As one of those, the KGAG framework proposed by Kang et al (2023) consists of three key components:

(1) The context-relevant subgraph retriever retrieves a relevant subgraph Z from the overall knowledge graph G given the current dialogue history x. To do this, the model defines a retrieval score for each individual triplet z = (eh, r, et) in the knowledge graph, computed as the inner product between embeddings of the dialogue history x and the candidate triplet z. The triplet embeddings are generated using Graph Neural Networks (GNNs) to capture the relational structure of the knowledge graph. The retrieval distribution p(Z|x) is then computed as the product of the individual triplet retrieval scores p(z|x), allowing the model to retrieve only the most relevant subgraph Z for the given dialogue context.

(2) The model needs to encode the retrieved subgraph Z along with the text sequence x for the language model. A naive approach would be to simply prepend the tokens of entities and relations in Z to the input x, but this violates important properties like permutation invariance and relation inversion invariance. To address this, the paper proposes an “invariant and efficient” graph encoding method. It first sorts the unique entities in Z and encodes them, then applies a learned affine transformation to perturb the entity embeddings based on the graph structure. This satisfies the desired invariance properties while also being more computationally efficient than prepending all triplet tokens.

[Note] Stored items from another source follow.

Definition gvec x y z : 'M[R]_4 := x *: gi R + y *: gj R + z *: gk R.

Lemma gvecD x y z x' y' z' : gvec x y z + gvec x' y' z' = gvec (x + x') (y + y') (z + z').
Proof.
by rewrite /gvec !scalerDl addrACA -!addrA; congr (_ + _); rewrite addrCA addrA.
Qed.

Lemma gvecN x y z : - gvec x y z = gvec (- x) (- y) (- z).
Proof. by rewrite /gvec !scaleNr !opprD. Qed.

Lemma gvecZ r x y z : r *: gvec x y z = gvec (r * x) (r * y) (r * z).
Proof. by rewrite /gvec !scalerDr !scalerA. Qed.

Lemma lie_gvec x y z x' y' z' :
  lie (gvec x y z) (gvec x' y' z') =
  gvec (2 * (y * z' - z * y')) (2 * (z * x' - x * z')) (2 * (x * y' - y * x')).
Proof.
apply/matrixP => i j; rewrite !mxE !big_ord_recr !big_ord0 /= !mxE.
by case: i => -[|[|[|[|]]]] // ?; case: j => -[|[|[|[|]]]] //= ?; ring.
Qed.

Lemma in_gvec x y z : in_g (gvec x y z).
Proof. by exists x, y, z. Qed.

Lemma in_g0 : in_g (0 : 'M[R]_4).
Proof. by exists 0, 0, 0; rewrite !scale0r !addr0. Qed.

Lemma in_gD A B : in_g A -> in_g B -> in_g (A + B).
Proof.
move=> [x [y [z ->]]] [x' [y' [z' ->]]].
by rewrite -/(gvec _ _ _) -/(gvec x' y' z') gvecD; apply: in_gvec.
Qed.

Lemma in_gZ r A : in_g A -> in_g (r *: A).
Proof. by move=> [x [y [z ->]]]; rewrite -/(gvec _ _ _) gvecZ; apply: in_gvec. Qed.

Lemma in_g_mulrz A n : in_g A -> in_g (A *~ n).
Proof. by rewrite -scaler_int; apply: in_gZ. Qed.

Lemma in_g_sum (I : Type) (r : seq I) (F : I -> 'M[R]_4) :
  (forall i, in_g (F i)) -> in_g (\sum_(i <- r) F i).
Proof. by move=> gF; elim/big_ind: _ => //; [exact: in_g0 | exact: in_gD]. Qed.

Lemma in_g_lie A B : in_g A -> in_g B -> in_g (lie A B).
Proof.
move=> [x [y [z ->]]] [x' [y' [z' ->]]].
by rewrite -/(gvec _ _ _) -/(gvec x' y' z') lie_gvec; apply: in_gvec.
Qed.

End LieAlgebra.

(** * The curvature of B *)

Section Curvature.
Variable R : realType.
Implicit Types (eps : R) (p : pt8 R) (k l : 'I_8).

Lemma derive1_ratio_at0 (D a b c d : R) : D != 0 ->
  derive1 (fun t : R => (D + a * t + b * t ^+ 2)^-1 * (c + d * t)) 0 = d / D - a * c / D ^+ 2.
Proof.
move=> D0; pose g t : R := D + a * t + b * t ^+ 2; pose h t : R := c + d * t.
have dg : is_derive (0 : R) 1 g a.
  apply: is_derive_eq; rewrite add0r mul1r !scale0r !addr0 scaler0 addr0; exact: mulr1.
have dh : is_derive (0 : R) 1 h d by apply: is_derive_eq; rewrite add0r mul1r; exact: mulr1.
have g0 : g 0 != 0 by rewrite /g mulr0 expr0n /= mulr0 !addr0.
rewrite (_ : (fun t => _) = (fun t => (g t)^-1) * h) // derive1E deriveM; last 2 first.
- exact: derivableV.
- by [].
rewrite deriveV // !derive_val /g /h mulr0 expr0n /= mulr0 !addr0 /GRing.scale /=.
by field.
Qed.

Section Bcoef.
Local Open Scope nat_scope.
Definition Bcoef (l a : nat) (y : nat -> R) : R :=
  match l, a with
  | 4, 0 => (- y 1)%R | 4, 1 => (- y 2)%R | 4, _ => (- y 3)%R
  | 5, 0 => y 0       | 5, 1 => (- y 3)%R | 5, _ => y 2
  | 6, 0 => y 3       | 6, 1 => y 0       | 6, _ => (- y 1)%R
  | 7, 0 => (- y 2)%R | 7, 1 => y 1       | 7, _ => y 0
  | _, _ => 0%R
  end.
End Bcoef.

Lemma BcE eps l q :
  Bc eps l q = (eps ^+ 2 + ynorm2 q)^-1 *:
    gvec (Bcoef l 0 (ycoord q)) (Bcoef l 1 (ycoord q)) (Bcoef l 2 (ycoord q)).
Proof.
rewrite /Bc /gvec /Bcoef; case: l => -[|[|[|[|[|[|[|[|]]]]]]]] //= _;
  by rewrite ?scaleNr ?scale0r ?addr0 ?scaler0.
Qed.

Definition ydir k (c : nat) : R := if (4 + c == k)%N then 1 else 0.

Lemma ycoord_shift p k t c : (c < 4)%N ->
  ycoord (Defs.shift p k t) c = ycoord p c + ydir k c * t.
Proof.
move=> ltc; rewrite /ycoord /Defs.shift /ydir.
have -> : (inord (4 + c) == k) = (4 + c == k)%N.
  by rewrite -val_eqE /= inordK // -[8%N]/(4 + 4)%N ltn_add2l.
by case: ifP; rewrite ?mul1r ?mul0r.
Qed.

Lemma Bcoef_shift p k t (l a : nat) :
  Bcoef l a (ycoord (Defs.shift p k t)) = Bcoef l a (ycoord p) + t * Bcoef l a (ydir k).
Proof.
rewrite /Bcoef; case: l => [|[|[|[|[|[|[|[|l]]]]]]]]; rewrite ?mulr0 ?addr0 //;
  by case: a => [|[|a]]; rewrite !ycoord_shift //; ring.
Qed.
Lemma cone_separation d (K : set ('I_d -> R)) : conic K -> ~ K (fun=> 0) ->
  K !=set0 -> exists2 a : 'I_d -> R, (exists i, a i != 0) &
    forall y, K y -> 0 <= dotv a y.
Proof.
elim: d K => [|d IH] K coneK K0 [y Ky].
  by exfalso; apply: K0; have <- : y = (fun=> 0) by apply/funext => -[].
have last_sign s : s != 0 -> (forall y, K y -> 0 <= s * y ord_max) ->
    exists2 a : 'I_d.+1 -> R, (exists i, a i != 0) & forall y, K y -> 0 <= dotv a y.
  move=> s0 Ks; exists (rconsv (fun=> 0) s); first by exists ord_max; rewrite rconsv_max.
  move=> z Kz; rewrite dotv_droplastv droplastv_rconsv dotv0l add0r rconsv_max.
  exact: Ks.
have [Kneg|] := pselect (exists2 z, K z & z ord_max < 0); last first.
  move=> Kpos; apply: (last_sign 1) => [|z Kz]; first exact: oner_neq0.
  by rewrite mul1r leNgt; apply/negP => z0; apply: Kpos; exists z.
have [Kpos|] := pselect (exists2 z, K z & 0 < z ord_max); last first.
  move=> Kneg'; apply: (last_sign (-1)) => [|z Kz]; first by rewrite oppr_eq0 oner_neq0.
  by rewrite mulN1r oppr_ge0 leNgt; apply/negP => z0; apply: Kneg'; exists z.
have [coneK1 K10] := conic_section coneK K0.
have K1ne : [set y | K (rconsv y 0)] !=set0.
  case: Kpos Kneg => [yp Kyp yp0] [zn Kzn zn0].
  have [Kw w0] := conic_mix_last0 coneK Kyp Kzn yp0 zn0.
  exists (droplastv (fun i => - zn ord_max * yp i + yp ord_max * zn i)).
  by rewrite /= -w0 rconsv_droplastv.
have [a [i ai] aK1] := IH _ coneK1 K10 K1ne.
have a_ge0 z : K z -> z ord_max = 0 -> 0 <= dotv a (droplastv z).
  by move=> Kz z0; apply: aK1; rewrite /= -z0 rconsv_droplastv.
have [t Kt] := conic_lift coneK a_ge0 Kpos Kneg.
exists (rconsv a t); first by exists (lift ord_max i); rewrite rconsv_lift.
by move=> z Kz; rewrite dotv_droplastv droplastv_rconsv rconsv_max; exact: Kt.
Qed.

End cone_separation.

Section finite_combination.
Context (R : realType) (X : Type).
Implicit Types (s : seq (R * X)) (D : set X).

(* A finite combination is a list of (weight, point) pairs. *)
Definition wsum s (f : X -> R) : R := \sum_(p <- s) p.1 * f p.2.

Fixpoint weighted_in D s : Prop :=
  if s is p :: s' then [/\ 0 <= p.1, D p.2 & weighted_in D s'] else True.

Definition convex_comb D s := weighted_in D s /\ wsum s (fun=> 1) = 1.

Definition wscale t s := [seq (t * p.1, p.2) | p <- s].

Lemma weighted_in_cat D s1 s2 :
  weighted_in D s1 -> weighted_in D s2 -> weighted_in D (s1 ++ s2).
Proof. by elim: s1 => //= p s IH [? ? ?] ?; split => //; exact: IH. Qed.

Lemma weighted_in_wscale D t s : 0 <= t -> weighted_in D s -> weighted_in D (wscale t s).
Proof.
by move=> t0; elim: s => //= p s IH [p0 Dp ws]; split => //; [exact: mulr_ge0|exact: IH].
Qed.

Lemma weighted_in_sub D D' s : D `<=` D' -> weighted_in D s -> weighted_in D' s.
Proof.
by move=> DD'; elim: s => //= p s IH [? ? ?]; split => //; [exact: DD'|exact: IH].
Qed.

Lemma weighted_in_map D (T : Type) (r : seq T) (f : T -> R * X) :
  (forall p, 0 <= (f p).1 /\ D (f p).2) -> weighted_in D (map f r).
Proof. by move=> H; elim: r => //= p r IH; have [? ?] := H p. Qed.

Lemma weighted_in_nth D s p0 i : weighted_in D s -> (i < size s)%N ->
  0 <= (nth p0 s i).1 /\ D (nth p0 s i).2.
Proof. by elim: s i => [|p s IH] //= [|i] [p0' Dp ws] //= si; apply: IH. Qed.

Lemma wsum_cat s1 s2 f : wsum (s1 ++ s2) f = wsum s1 f + wsum s2 f.
Proof. exact: big_cat. Qed.

Lemma wsum_wscale t s f : wsum (wscale t s) f = t * wsum s f.
Proof. by rewrite /wsum big_map mulr_sumr; apply: eq_bigr => p _ /=; rewrite mulrA. Qed.

Lemma wsum1 a x f : wsum [:: (a, x)] f = a * f x.
Proof. by rewrite /wsum big_cons big_nil addr0. Qed.

Lemma eq_wsum_in D s f g : weighted_in D s -> (forall x, D x -> f x = g x) ->
  wsum s f = wsum s g.
Proof.
move=> ws fg; elim: s ws => [|p s IH] /=; first by rewrite /wsum !big_nil.
by case=> _ Dp ws; rewrite /wsum !big_cons fg // -!/(wsum _ _) IH.
Qed.

Lemma wsumD s f g : wsum s (fun x => f x + g x) = wsum s f + wsum s g.
Proof. by rewrite /wsum -big_split; apply: eq_bigr => p _; rewrite mulrDr. Qed.

Lemma wsumZ s c f : wsum s (fun x => c * f x) = c * wsum s f.
Proof. by rewrite /wsum mulr_sumr; apply: eq_bigr => p _; rewrite mulrCA. Qed.

Lemma wsum0 s : wsum s (fun=> 0) = 0.
Proof. by rewrite /wsum big1 // => p _; rewrite mulr0. Qed.

Lemma wsum_lin k s (a : 'I_k -> R) (f : 'I_k -> X -> R) :
  wsum s (fun x => \sum_i a i * f i x) = \sum_i a i * wsum s (f i).
Proof.
rewrite /wsum; under eq_bigr do rewrite mulr_sumr.
rewrite exchange_big /=; apply: eq_bigr => i _; rewrite mulr_sumr.
by apply: eq_bigr => p _; rewrite mulrCA.
Qed.

End finite_combination.

Section moment_cone.
Context (R : realType) (X : Type) (k : nat) (D : set X).
Variables (u : 'I_k -> X -> R) (h : X -> R) (c : R).

Definition moment_comb s :=
  [/\ convex_comb D s, forall j, wsum s (u j) = 0 & c <= wsum s h].

(* The cone generated by the points (u x, h x - c - r), x in D, r >= 0. *)
Definition moment_cone : set ('I_k.+1 -> R) :=
  [set y | exists s t r, [/\ convex_comb D s, 0 < t, 0 <= r &
    y = rconsv (fun j => t * wsum s (u j)) (t * (wsum s h - c - r))]].

Lemma moment_cone_conic : conic moment_cone.
Proof.
split=> [_ _ [s1 [t1 [r1 [[w1 s1_1] t1_0 r1_0 ->]]]]
          [s2 [t2 [r2 [[w2 s2_1] t2_0 r2_0 ->]]]]|].
  have t0 : 0 < t1 + t2 by rewrite addr_gt0.
  have t_neq0 : t1 + t2 != 0 by rewrite gt_eqF.
  exists (wscale (t1 / (t1 + t2)) s1 ++ wscale (t2 / (t1 + t2)) s2), (t1 + t2),
    ((t1 * r1 + t2 * r2) / (t1 + t2)); split => //.
  - split; first by apply: weighted_in_cat; apply: weighted_in_wscale => //;
      apply: divr_ge0; apply: ltW.
    by rewrite wsum_cat !wsum_wscale s1_1 s2_1 !mulr1 -mulrDl divff.
  - by apply: divr_ge0; [apply: addr_ge0; apply: mulr_ge0 => //; apply: ltW|apply: ltW].
  - by apply/funext => i; rewrite /rconsv; case: unlift => [j|];
      rewrite !wsum_cat !wsum_wscale; field.
move=> t _ t0 [s [t' [r [cs t'0 r0 ->]]]]; exists s, (t * t'), r.
split => //; first exact: mulr_gt0.
by apply/funext => i; rewrite /rconsv; case: unlift => [j|]; rewrite mulrA.
Qed.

(3) The model uses a contrastive learning objective to ensure the generated text is consistent with the retrieved subgraph Z. Specifically, it maximizes the similarity between the representations of the retrieved subgraph and the generated text, while minimizing the similarity to negative samples. This encourages the model to generate responses that faithfully reflect the factual knowledge contained in the retrieved subgraph.

By combining these three components — subgraph retrieval, invariant graph encoding, and graph-text contrastive learning — the KGAG framework can generate knowledge-grounded responses that are both fluent and factually accurate.

KGAG is particularly useful in dialogue systems, question answering, and other applications where generating informative and factually accurate responses is important. It can be applied in domains where there is access to a relevant knowledge graph, such as encyclopaedic knowledge, product information, or domain-specific facts. By combining the strengths of language models and structured knowledge, KGAG can produce responses that are both natural and trustworthy, making it a valuable tool for building intelligent conversational agents and knowledge-intensive applications.

Chain-of-Thought is a prompt engineering approach introduced by Wei et al in 2023. By providing the model with either instructions or few-shot examples of structured reasoning steps towards a problem solution, it reduces the complexity of the problem to be solved by the model significantly.